Today, the Episcopal Public Policy Network (”EPPN”), a social justice lobbying effort by the Episcopal Church in America, published The REAL Act & The Episcopal Church. The REAL Act, as defined by the online group Advocates for Youth, is the Responsible Education About Life (”REAL”) Act.

[S]ponsored by Senator Frank Lautenberg (D-NJ) and Representatives Barbara Lee (D-CA) and Christopher Shays (R-CT), [the Act] would provide federal money to support responsible sex education in schools. This education would include science-based, medically accurate, and age appropriate public health information about both abstinence and contraception.

EPPN outlines reasons the REAL Act is worthy of your support:

In 2006 the teen birth rate went up for the first time in 15 years

* With over 750,000 teen pregnancies each year, America has the highest rate of teen pregnancy in the industrialized world.
* 31% of young women become pregnant at least once before the age of 20.
* Roughly half of the nation’s 19 million STDs occur among 14-25 year olds. Nearly one in four teenage girls, and half of African-American girls, have at least one STD. (Centers for Disease Control and Prevention)

According to The National Campaign to Prevent Teen and Unplanned Pregnancy: “Teen pregnancy is closely linked to a host of other critical social issues — poverty and income, overall child well-being, out-of-wedlock births, responsible fatherhood, health issues, education, child welfare, and other risky behavior.”

The REAL Act emphasizes comprehensive, medically accurate and age appropriate preventive sex education for America’s youth.
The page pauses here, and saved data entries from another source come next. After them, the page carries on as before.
(* The reactivity problem for DSRT (given a deterministic SRT $\mathcal{S}$, decide whether $\mathcal{S}$ is reactive) is undecidable.
   Context: A linear group is a triple $\mathbf{G}=(D,\leq,+)$ where $D$ is an infinite set, $\leq$ is a total order on $D$, and $(D,+)$ is a group with identity $0$. For finite label sets $\Sigma,\Gamma$, a $(\Sigma,\Gamma,\mathbf{G})$-SRT is a tuple $\mathcal{S}=(Q,q_0,k,R_0,\Delta)$: $Q$ finite set of states, $q_0\in Q$, $k\in\mathbb{N}$ registers, initial values $R_0\in D^k$, transitions $\Delta\subseteq Q\times\Sigma\times\{>,=,<\}^k\times\{\mathsf{old},\mathsf{new},\mathsf{add}\}^k\times\{1,\dots,k\}\times\Gamma\times Q$. A transition $(q,\sigma,l,m,u,\gamma,q')$ enables the step $(q,R)\xrightarrow[(\gamma,d')]{(\sigma,d)}(q',R')$ iff (1) for every $i$, $d>R[i]$, $d=R[i]$ or $d<R[i]$ according as $l[i]$ is $>$, $=$, $<$; (2) $R'[i]=R[i]$, $d$, or $R[i]+d$ according as $m[i]$ is $\mathsf{old}$, $\mathsf{new}$, $\mathsf{add}$; (3) $d'=R'[u]$. A run over $s\in(\Sigma\times D)^*$ of length $n$ generating $t\in(\Gamma\times D)^*$ is a sequence of $n$ enabled steps from $(q_0,R_0)$ reading $s[i]$ and emitting $t[i]$. $s\otimes t$ is the word with $i$-th letter $(s[i],t[i])$; $[\![\mathcal{S}]\!]=\{s\otimes t:\text{there is a run over }s\text{ generating }t\}$. An SRT is deterministic (DSRT) if any two distinct transitions $(q_1,\sigma_1,l_1,\dots)$, $(q_2,\sigma_2,l_2,\dots)$ satisfy $q_1\neq q_2$ or $\sigma_1\neq\sigma_2$ or $l_1\neq l_2$. $\mathcal{S}$ is reactive if for every $s\in(\Sigma\times D)^*$ there exists $t$ with $s\otimes t\in[\![\mathcal{S}]\!]$. *)

From Stdlib Require Import ZArith List Arith.
Import ListNotations.
Open Scope Z_scope.

Inductive cmp : Type := CGt | CEq | CLt.
Inductive upd : Type := UOld | UNew | UAdd.

(* States are 0..nQ-1, input labels 0..nSig-1 (= Sigma), output labels
   0..nGam-1 (= Gamma), registers are indexed 0..k-1 (so the output register
   u ranges over {0,...,k-1}, i.e. the paper's {1,...,k} shifted by one). *)
Record trans : Type := mkTrans {
  t_src : nat;
  t_in : nat;
  t_test : list cmp;
  t_upd : list upd;
  t_out_reg : nat;
  t_out : nat;
  t_dst : nat }.

Record SRT : Type := mkSRT {
  nQ : nat;
  nSig : nat;
  nGam : nat;
  q0 : nat;
  nreg : nat;
  R0 : list Z;
  Delta : list trans }.

Definition wf_SRT (S : SRT) : Prop :=
  (q0 S < nQ S)%nat /\ length (R0 S) = nreg S /\
  Forall (fun t =>
    (t_src t < nQ S)%nat /\ (t_in t < nSig S)%nat /\
    length (t_test t) = nreg S /\ length (t_upd t) = nreg S /\
    (t_out_reg t < nreg S)%nat /\ (t_out t < nGam S)%nat /\
    (t_dst t < nQ S)%nat) (Delta S).

Definition deterministic (S : SRT) : Prop :=
  forall t1 t2, In t1 (Delta S) -> In t2 (Delta S) -> t1 <> t2 ->
    (t_src t1, t_in t1, t_test t1) <> (t_src t2, t_in t2, t_test t2).

Definition cmp_ok (c : cmp) (r d : Z) : Prop :=
  match c with
  | CGt => d > r
  | CEq => d = r
  | CLt => d < r
  end.

Definition tests_ok (l : list cmp) (R : list Z) (d : Z) : Prop :=
  Forall2 (fun c r => cmp_ok c r d) l R.

Definition upd_val (m : upd) (r d : Z) : Z :=
  match m with
  | UOld => r
  | UNew => d
  | UAdd => r + d
  end.

Definition update (m : list upd) (R : list Z) (d : Z) : list Z :=
  map (fun p => upd_val (fst p) (snd p) d) (combine m R).

Definition config : Type := (nat * list Z)%type.

Definition step (S : SRT) (c : config) (a : nat * Z) (b : nat * Z)
    (c' : config) : Prop :=
  exists t, In t (Delta S) /\
    t_src t = fst c /\ t_in t = fst a /\
    length (t_test t) = length (snd c) /\
    tests_ok (t_test t) (snd c) (snd a) /\
    length (t_upd t) = length (snd c) /\
    snd c' = update (t_upd t) (snd c) (snd a) /\
    snd b = nth (t_out_reg t) (snd c') 0 /\
    fst b = t_out t /\ fst c' = t_dst t.

Inductive run_from (S : SRT) : config -> list (nat * Z) -> list (nat * Z) -> Prop :=
  | run_nil c : run_from S c [] []
  | run_cons c a b c' s t :
      step S c a b c' -> run_from S c' s t -> run_from S c (a :: s) (b :: t).

Definition sem (S : SRT) (w : list ((nat * Z) * (nat * Z))) : Prop :=
  run_from S (q0 S, R0 S) (map fst w) (map snd w).

Definition reactive (S : SRT) : Prop :=
  forall s : list (nat * Z), Forall (fun a => (fst a < nSig S)%nat) s ->
    exists t : list (nat * Z), length t = length s /\ sem S (combine s t).

Inductive rf : Type :=
  | RZero : rf
  | RSucc : rf
  | RProj : nat -> rf
  | RComp : rf -> list rf -> rf
  | RPrim : rf -> rf -> rf
  | RMu : rf -> rf.

Inductive eval : rf -> list nat -> nat -> Prop :=
  | ev_zero v : eval RZero v 0
  | ev_succ v : eval RSucc v (S (hd 0%nat v))
  | ev_proj i v : eval (RProj i) v (nth i v 0%nat)
  | ev_comp f gs v ys y : evals gs v ys -> eval f ys y -> eval (RComp f gs) v y
  | ev_prim0 f g v y : eval f v y -> eval (RPrim f g) (0%nat :: v) y
  | ev_primS f g n v z y :
      eval (RPrim f g) (n :: v) z -> eval g (n :: z :: v) y ->
      eval (RPrim f g) (S n :: v) y
  | ev_mu f v n :
      eval f (n :: v) 0%nat ->
      (forall m, (m < n)%nat -> exists k, eval f (m :: v) (S k)) ->
      eval (RMu f) v n
with evals : list rf -> list nat -> list nat -> Prop :=
  | evs_nil v : evals [] v []
  | evs_cons g gs v y ys : eval g v y -> evals gs v ys -> evals (g :: gs) v (y :: ys).

(* Cantor pairing *)
Definition npair (x y : nat) : nat := ((x + y) * (x + y + 1)) / 2 + y.

Fixpoint enc_list {A} (e : A -> nat) (l : list A) : nat :=
  match l with
  | [] => 0
  | x :: l' => S (npair (e x) (enc_list e l'))
  end.

(* zig-zag encoding of integers *)
Definition enc_Z (z : Z) : nat :=
  if Z.leb 0 z then (2 * Z.to_nat z)%nat else (2 * Z.to_nat (- z) - 1)%nat.

Definition enc_cmp (c : cmp) : nat := match c with CGt => 0 | CEq => 1 | CLt => 2 end.
Definition enc_upd (m : upd) : nat := match m with UOld => 0 | UNew => 1 | UAdd => 2 end.

Definition enc_trans (t : trans) : nat :=
  enc_list (fun x => x)
    [t_src t; t_in t; enc_list enc_cmp (t_test t); enc_list enc_upd (t_upd t);
     t_out_reg t; t_out t; t_dst t].

Definition encode_SRT (S : SRT) : nat :=
  enc_list (fun x => x)
    [nQ S; nSig S; nGam S; q0 S; nreg S; enc_list enc_Z (R0 S);
     enc_list enc_trans (Delta S)].

From Stdlib Require Import ZArith List Arith Lia.
Import ListNotations.
Open Scope nat_scope.

(* A counter machine (increment, and decrement-or-jump-if-zero) is simulated by
   a deterministic SRT over (Z, <=, +): the counters are registers, three more
   registers hold the constants 1, -1 and 0, and every input value is compared
   with the constant the current instruction expects, a wrong value leading to a
   sink that accepts everything.  In the halting state the input 1 has no
   transition when the output counter holds 1, so the simulating SRT is reactive
   iff the machine does not halt with output 1.  A purported decider p is
   precomposed with a recursive function rebuilding the code of an SRT from data
   that SRT stores in its own initial registers, and compiled to a counter
   machine; the SRT simulating that machine is then reactive iff p says it is
   not. *)

Definition rf_nested_ind (Pr : rf -> Prop) (H0 : Pr RZero) (H1 : Pr RSucc)
  (H2 : forall i, Pr (RProj i))
  (H3 : forall f gs, Pr f -> Forall Pr gs -> Pr (RComp f gs))
  (H4 : forall f g, Pr f -> Pr g -> Pr (RPrim f g))
  (H5 : forall f, Pr f -> Pr (RMu f)) : forall f, Pr f :=
  fix F f := match f with
  | RZero => H0 | RSucc => H1 | RProj i => H2 i
  | RComp f gs => H3 f gs (F f)
      ((fix G gs := match gs return Forall Pr gs with
        | [] => Forall_nil Pr
        | g :: gs' => @Forall_cons _ Pr g gs' (F g) (G gs') end) gs)
  | RPrim f g => H4 f g (F f) (F g)
  | RMu f => H5 f (F f) end.

Lemma evals_functional gs :
  Forall (fun f => forall v y y', eval f v y -> eval f v y' -> y = y') gs ->
  forall v ys ys', evals gs v ys -> evals gs v ys' -> ys = ys'.
Proof.
  induction 1; intros v ys ys' H1 H2; inversion H1; inversion H2; subst; auto.
  f_equal; eauto.
Qed.

Lemma eval_functional f v y y' : eval f v y -> eval f v y' -> y = y'.
Proof.
  revert v y y'.
  induction f using rf_nested_ind; intros v y y' H1 H2.
  1-3: inversion H1; inversion H2; subst; auto.
  - inversion H1; inversion H2; subst.
    assert (ys = ys0) by (eapply evals_functional; eauto). subst. eauto.
  - destruct v as [|n v]; [inversion H1|].
    revert y y' H1 H2. induction n; intros y y' H1 H2.
    + inversion H1; inversion H2; subst; eauto.
    + inversion H1; inversion H2; subst.
      assert (z = z0) by eauto. subst. eauto.
  - inversion H1 as [| | | | | |? ? ? Hy Hbelow]; inversion H2 as [| | | | | |? ? ? Hy' Hbelow']; subst.
    destruct (lt_eq_lt_dec y y') as [[Hlt|Heq]|Hlt]; auto.
    + destruct (Hbelow' _ Hlt) as [k Hk]. specialize (IHf _ _ _ Hy Hk). discriminate.
    + destruct (Hbelow _ Hlt) as [k Hk]. specialize (IHf _ _ _ Hy' Hk). discriminate.
Qed.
Sadly that is not the case with present federally funded programs that emphasize abstinence only at the expense of scientifically accurate and comprehensive education. A 2006 report from the Government Accountability Office found that the U.S. Department of Health and Human Services’ abstinence-only approach to sex education does not require medically accurate information and lacks accountability. One curriculum even asserted that HIV/AIDS can be spread through sweat and tears.

For many adolescents, the lack of comprehensive sex education courses in schools means that the only formal reproductive health education they receive is inaccurate abstinence- only programs.